Konsum in Uganda: Elektronik gibt's beim Inder
Europäische Markenware sucht man in Ugandas Shopping-Malls meist vergeblich. Fast alle Waren kommen aus Asien. Die Händler ebenso.
KAMPALA taz | Der Parkplatz des großen Einkaufszentrums Lugogo in Ugandas Hauptstadt Kampala ist bis auf den letzten Platz belegt. Frauen und Männer schieben volle Einkaufswagen zu ihren Autos. Esther und Rebecca Obtanu stöbern durch die Regale. Die Schwestern suchen nach Sonderangeboten. Rebecca hat ihre sieben Kinder im Schlepptau, die sie in die Spielsachenabteilung zerren.
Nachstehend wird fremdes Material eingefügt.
(* For all complex $q$ with $|q|<1$, $$F^{\rm ed}_{\rm od}(-q)=-\frac{q\,(q;q)_\infty(-q^2;q^2)_\infty}{(q^2;q^2)_\infty^2}\sum_{n=0}^\infty\sum_{m=0}^\infty(-1)^m q^{\frac{n(n+3)}{2}+2nm+2m^2+2m}\left(1+q^{2m+1}\right).$$
   Context: For $n\in\mathbb N_0\cup\{\infty\}$, $(a;q)_n:=\prod_{j=0}^{n-1}(1-aq^j)$. Define $$F^{\rm ed}_{\rm od}(q):=\sum_{n=0}^\infty q^{2n+1}(-q;q^2)_n(-q^{2n+2};q^2)_\infty,$$ and $F^{\rm ed}_{\rm od}(-q)$ denotes this function evaluated at $-q$. *)

From Stdlib Require Import Reals Lra Lia ClassicalEpsilon.
Open Scope R_scope.

Definition Cpx : Type := (R * R)%type.
Definition Cz0 : Cpx := (0, 0).
Definition Cone : Cpx := (1, 0).
Definition Cadd (z w : Cpx) : Cpx := (fst z + fst w, snd z + snd w).
Definition Copp (z : Cpx) : Cpx := (- fst z, - snd z).
Definition Csub (z w : Cpx) : Cpx := Cadd z (Copp w).
Definition Cmul (z w : Cpx) : Cpx :=
  (fst z * fst w - snd z * snd w, fst z * snd w + snd z * fst w).
Definition Cinv (z : Cpx) : Cpx :=
  (fst z / (fst z ^ 2 + snd z ^ 2), - snd z / (fst z ^ 2 + snd z ^ 2)).
Definition Cdiv (z w : Cpx) : Cpx := Cmul z (Cinv w).
Definition Cnorm (z : Cpx) : R := sqrt (fst z ^ 2 + snd z ^ 2).
Fixpoint Cpow (z : Cpx) (n : nat) : Cpx :=
  match n with O => Cone | S k => Cmul z (Cpow z k) end.

Definition C_cv (u : nat -> Cpx) (l : Cpx) : Prop :=
  forall eps : R, eps > 0 -> exists N : nat, forall n : nat, (n >= N)%nat ->
    Cnorm (Csub (u n) l) < eps.

(* the limit of a sequence (chosen by classical choice; Cz0 if none exists) *)
Definition Clim (u : nat -> Cpx) : Cpx :=
  epsilon (inhabits Cz0) (fun l => C_cv u l).

Fixpoint Cpsum (f : nat -> Cpx) (n : nat) : Cpx :=
  match n with O => Cz0 | S k => Cadd (Cpsum f k) (f k) end.
Definition Csum (f : nat -> Cpx) : Cpx := Clim (Cpsum f).

Fixpoint qpoch (a q : Cpx) (n : nat) : Cpx :=
  match n with O => Cone | S k => Cmul (qpoch a q k) (Csub Cone (Cmul a (Cpow q k))) end.
Definition qpoch_inf (a q : Cpx) : Cpx := Clim (qpoch a q).

Definition F_ed_od (q : Cpx) : Cpx :=
  Csum (fun n => Cmul (Cpow q (2 * n + 1))
                  (Cmul (qpoch (Copp q) (Cpow q 2) n)
                        (qpoch_inf (Copp (Cpow q (2 * n + 2))) (Cpow q 2)))).

From Stdlib Require Import Reals Lra Lia ClassicalEpsilon FunctionalExtensionality.
From Coquelicot Require Import Coquelicot.
From Pilot Require Import Defs.
Open Scope R_scope.

(* The left side telescopes: with [D k = (q;q^2)_k (-q^(2k);q^2)_oo], the [n]-th term of [F(-q)]
   is [-q/(1+q) (D n - D (n+1))], hence [F(-q) = -q/(1+q) (2 (-q^2;q^2)_oo - (q;q^2)_oo)].
   On the right, the inner sum over [m] is [q^(n(n+3)/2) (g (n+1) + q g (n+2))], where
   [g j = sum_m (-1)^m q^(2m^2+2jm)] satisfies [g j = 1 - q^(2j+2) g (j+2)]; this makes the outer
   sum telescope to [(2 psi(q) + 1 - 2 G(q)) / (1+q)], with [psi(q) = sum_j q^(j(j+1)/2)] and
   [G(q) = sum_(j>=0) (-1)^j q^(2j^2)]. Gauss's identities [psi(q) (q;q^2)_oo = (q^2;q^2)_oo] and
   [(2 G(q) - 1) (-q^2;q^2)_oo = (q^2;q^2)_oo], obtained as limits (by Tannery's theorem) of finite
   forms of Rothe's q-binomial theorem, together with Euler's [(q;q^2)_oo (-q;q)_oo = 1], then
   identify the two sides. *)

Lemma pow_le_1 (x : R) (n : nat) : 0 <= x <= 1 -> x ^ n <= 1.
Proof. intro hx. rewrite <- (pow1 n). apply pow_incr. lra. Qed.

Lemma pow_le_pow_le_1 (x : R) (m n : nat) : 0 <= x <= 1 -> (n <= m)%nat -> x ^ m <= x ^ n.
Proof.
  intros hx hnm. replace m with (n + (m - n))%nat by lia. rewrite pow_add.
  pose proof (pow_le x n ltac:(lra)). pose proof (pow_le_1 x (m - n) hx). nra.
Qed.

Lemma exp_le_exp (x y : R) : x <= y -> exp x <= exp y.
Proof. intros [h | ->]; [left; now apply exp_increasing | lra]. Qed.

Lemma Cmod_sub_sym (a b : C) : Cmod (a - b)%C = Cmod (b - a)%C.
Proof. replace (a - b)%C with (- (b - a))%C by ring. apply Cmod_opp. Qed.

Lemma Cmod_sub_triangle (a b c : C) : Cmod (a - c)%C <= Cmod (a - b)%C + Cmod (b - c)%C.
Proof. replace (a - c)%C with ((a - b) + (b - c))%C by ring. apply Cmod_triangle. Qed.

Lemma Cmod_sub_ge (a b : C) : Cmod a - Cmod b <= Cmod (a - b)%C.
Proof.
  pose proof (Cmod_sub_triangle a b 0) as h.
  replace (a - 0)%C with a in h by ring. replace (b - 0)%C with b in h by ring. lra.
Qed.

Lemma Cmod_m1_pow (n : nat) : Cmod ((- 1) ^ n)%C = 1.
Proof.
  rewrite Cmod_pow. replace (Cmod (- 1)%C) with 1; [apply pow1 |].
  rewrite Cmod_R, Rabs_left; lra.
Qed.

Lemma Cmod_pow_S_lt_1 (q : C) (n : nat) : Cmod q < 1 -> Cmod (q ^ S n)%C < 1.
Proof. intro h. rewrite Cmod_pow. pose proof (Cmod_ge_0 q). apply pow_lt_1_compat; [lra | lia]. Qed.

Lemma Cmult_reg_l (c x y : C) : c <> RtoC 0 -> (c * x = c * y)%C -> x = y.
Proof. intros hc h. replace x with (/ c * (c * x))%C by (field; auto). rewrite h. field. auto. Qed.

Lemma geom_eventually_lt (K r e : R) : 0 <= r < 1 -> e > 0 ->
  exists N, forall n, (n >= N)%nat -> K * r ^ n < e.
Proof.
  intros hr he. destruct (Rle_lt_dec K 0) as [hK | hK].
  - exists O. intros n _. pose proof (pow_le r n ltac:(lra)). nra.
  - destruct (pow_lt_1_zero r ltac:(rewrite Rabs_right; lra) (e / K)) as [N HN].
    { now apply Rdiv_lt_0_compat. }
    exists N. intros n hn. specialize (HN n hn).
    rewrite Rabs_right in HN by (apply Rle_ge, pow_le; lra).
    apply (Rmult_lt_compat_l K) in HN; [| exact hK].
    replace (K * (e / K)) with e in HN by (field; lra). exact HN.
Qed.

(** * Limits of complex sequences *)

Definition is_lim_Cseq (u : nat -> C) (l : C) : Prop :=
  forall eps : R, eps > 0 ->
    exists N : nat, forall n : nat, (n >= N)%nat -> Cmod (u n - l)%C < eps.

Lemma is_lim_Cseq_unique (u : nat -> C) (a b : C) :
  is_lim_Cseq u a -> is_lim_Cseq u b -> a = b.
Proof.
  intros Ha Hb.
  assert (Hab : (a - b)%C = RtoC 0).
  2: { replace a with ((a - b) + b)%C by ring. rewrite Hab. ring. }
  apply Cmod_eq_0.
  destruct (Rle_lt_or_eq_dec 0 _ (Cmod_ge_0 (a - b))) as [h | h]; [| auto].
  set (e := Cmod (a - b)%C) in h.
  destruct (Ha (e / 2)) as [N1 H1]; [lra |]. destruct (Hb (e / 2)) as [N2 H2]; [lra |].
  specialize (H1 (N1 + N2)%nat ltac:(lia)). specialize (H2 (N1 + N2)%nat ltac:(lia)).
  pose proof (Cmod_sub_triangle a (u (N1 + N2)%nat) b).
  rewrite Cmod_sub_sym in H1. fold e in H. lra.
Qed.

Lemma Clim_correct (u : nat -> C) (l : C) : is_lim_Cseq u l -> Clim u = l.
Proof.
  intro H. apply (is_lim_Cseq_unique u); [| exact H].
  apply (epsilon_spec (inhabits Cz0) (fun l => C_cv u l)). now exists l.
Qed.

Lemma is_lim_Cseq_ext_loc (u v : nat -> C) (l : C) (M : nat) :
  (forall n, (n >= M)%nat -> u n = v n) -> is_lim_Cseq u l -> is_lim_Cseq v l.
Proof.
  intros E H e he. destruct (H e he) as [N HN]. exists (N + M)%nat. intros n hn.
  rewrite <- E by lia. apply HN; lia.
Qed.

Lemma is_lim_Cseq_ext (u v : nat -> C) (l : C) :
  (forall n, u n = v n) -> is_lim_Cseq u l -> is_lim_Cseq v l.
Proof. intro E. apply (is_lim_Cseq_ext_loc u v l O). auto. Qed.

Lemma is_lim_Cseq_const (c : C) : is_lim_Cseq (fun _ => c) c.
Proof.
  intros e he. exists O. intros. replace (c - c)%C with (RtoC 0) by ring. rewrite Cmod_0. lra.
Qed.

Lemma is_lim_Cseq_plus (u v : nat -> C) (a b : C) :
  is_lim_Cseq u a -> is_lim_Cseq v b -> is_lim_Cseq (fun n => u n + v n)%C (a + b)%C.
Proof.
  intros Hu Hv e he.
  destruct (Hu (e / 2)) as [N1 H1]; [lra |]. destruct (Hv (e / 2)) as [N2 H2]; [lra |].
  exists (N1 + N2)%nat. intros n hn.
  replace (u n + v n - (a + b))%C with ((u n - a) + (v n - b))%C by ring.
  specialize (H1 n ltac:(lia)). specialize (H2 n ltac:(lia)).
  pose proof (Cmod_triangle (u n - a) (v n - b)). lra.
Qed.

Lemma is_lim_Cseq_opp (u : nat -> C) (a : C) :
  is_lim_Cseq u a -> is_lim_Cseq (fun n => - u n)%C (- a)%C.
Proof.
  intros Hu e he. destruct (Hu e he) as [N H]. exists N. intros n hn.
  replace (- u n - - a)%C with (- (u n - a))%C by ring. rewrite Cmod_opp. auto.
Qed.

Lemma is_lim_Cseq_minus (u v : nat -> C) (a b : C) :
  is_lim_Cseq u a -> is_lim_Cseq v b -> is_lim_Cseq (fun n => u n - v n)%C (a - b)%C.
Proof. intros. apply is_lim_Cseq_plus, is_lim_Cseq_opp; auto. Qed.

Lemma is_lim_Cseq_bounded (u : nat -> C) (a : C) :
  is_lim_Cseq u a -> exists M, M > 0 /\ forall n, Cmod (u n) <= M.
Proof.
  intro H. destruct (H 1 ltac:(lra)) as [N HN].
  assert (Hfin : exists M, M > 0 /\ forall n, (n < N)%nat -> Cmod (u n) <= M).
  { clear HN. induction N as [| N [M [hM HM]]].
    - exists 1. split; [lra | intros; lia].
    - exists (M + Cmod (u N)). pose proof (Cmod_ge_0 (u N)). split; [lra |].
      intros n hn. destruct (Nat.eq_dec n N) as [-> | ne]; [lra |].
      pose proof (HM n ltac:(lia)). lra. }
  destruct Hfin as [M [hM HM]]. pose proof (Cmod_ge_0 a).
  exists (M + Cmod a + 1). split; [lra |]. intro n.
  destruct (Nat.lt_ge_cases n N) as [h | h].
  - pose proof (HM n h). lra.
  - specialize (HN n h). pose proof (Cmod_sub_ge (u n) a). lra.
Qed.

Lemma is_lim_Cseq_mult (u v : nat -> C) (a b : C) :
  is_lim_Cseq u a -> is_lim_Cseq v b -> is_lim_Cseq (fun n => u n * v n)%C (a * b)%C.
Proof.
  intros Hu Hv. destruct (is_lim_Cseq_bounded u a Hu) as [M [HM HMb]].
  intros e he. set (K := Cmod b + 1).
  assert (HK : K > 0) by (unfold K; pose proof (Cmod_ge_0 b); lra).
  destruct (Hu (e / (2 * K))) as [N1 H1]. { apply Rdiv_lt_0_compat; lra. }
  destruct (Hv (e / (2 * M))) as [N2 H2]. { apply Rdiv_lt_0_compat; lra. }
  exists (N1 + N2)%nat. intros n hn.
  replace (u n * v n - a * b)%C with (u n * (v n - b) + (u n - a) * b)%C by ring.
  eapply Rle_lt_trans; [apply Cmod_triangle |]. rewrite !Cmod_mult.
  specialize (H1 n ltac:(lia)). specialize (H2 n ltac:(lia)). specialize (HMb n).
  pose proof (Cmod_ge_0 (v n - b)). pose proof (Cmod_ge_0 (u n - a)). pose proof (Cmod_ge_0 b).
  assert (A1 : Cmod (u n) * Cmod (v n - b)%C < e / 2).
  { apply Rle_lt_trans with (M * Cmod (v n - b)%C); [now apply Rmult_le_compat_r |].
    replace (e / 2) with (M * (e / (2 * M))) by (field; lra). now apply Rmult_lt_compat_l. }
  assert (A2 : Cmod (u n - a)%C * Cmod b <= e / 2).
  { replace (e / 2) with (e / (2 * K) * K) by (field; lra).
    apply Rmult_le_compat; try lra. unfold K; lra. }
  lra.
Qed.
„Ich will eine Puppe“, quengelt die siebenjährige Tochter. Rebecca prüft die Verpackung sorgfältig: „Mit Plastikspielsachen aus China bin ich vorsichtig, denn man weiß nie, welche Giftstoffe darin sind“, sagt sie. Sie zeigt ihrer Tochter stattdessen einen Stoffteddybären. Die Kleine schüttelt den Kopf.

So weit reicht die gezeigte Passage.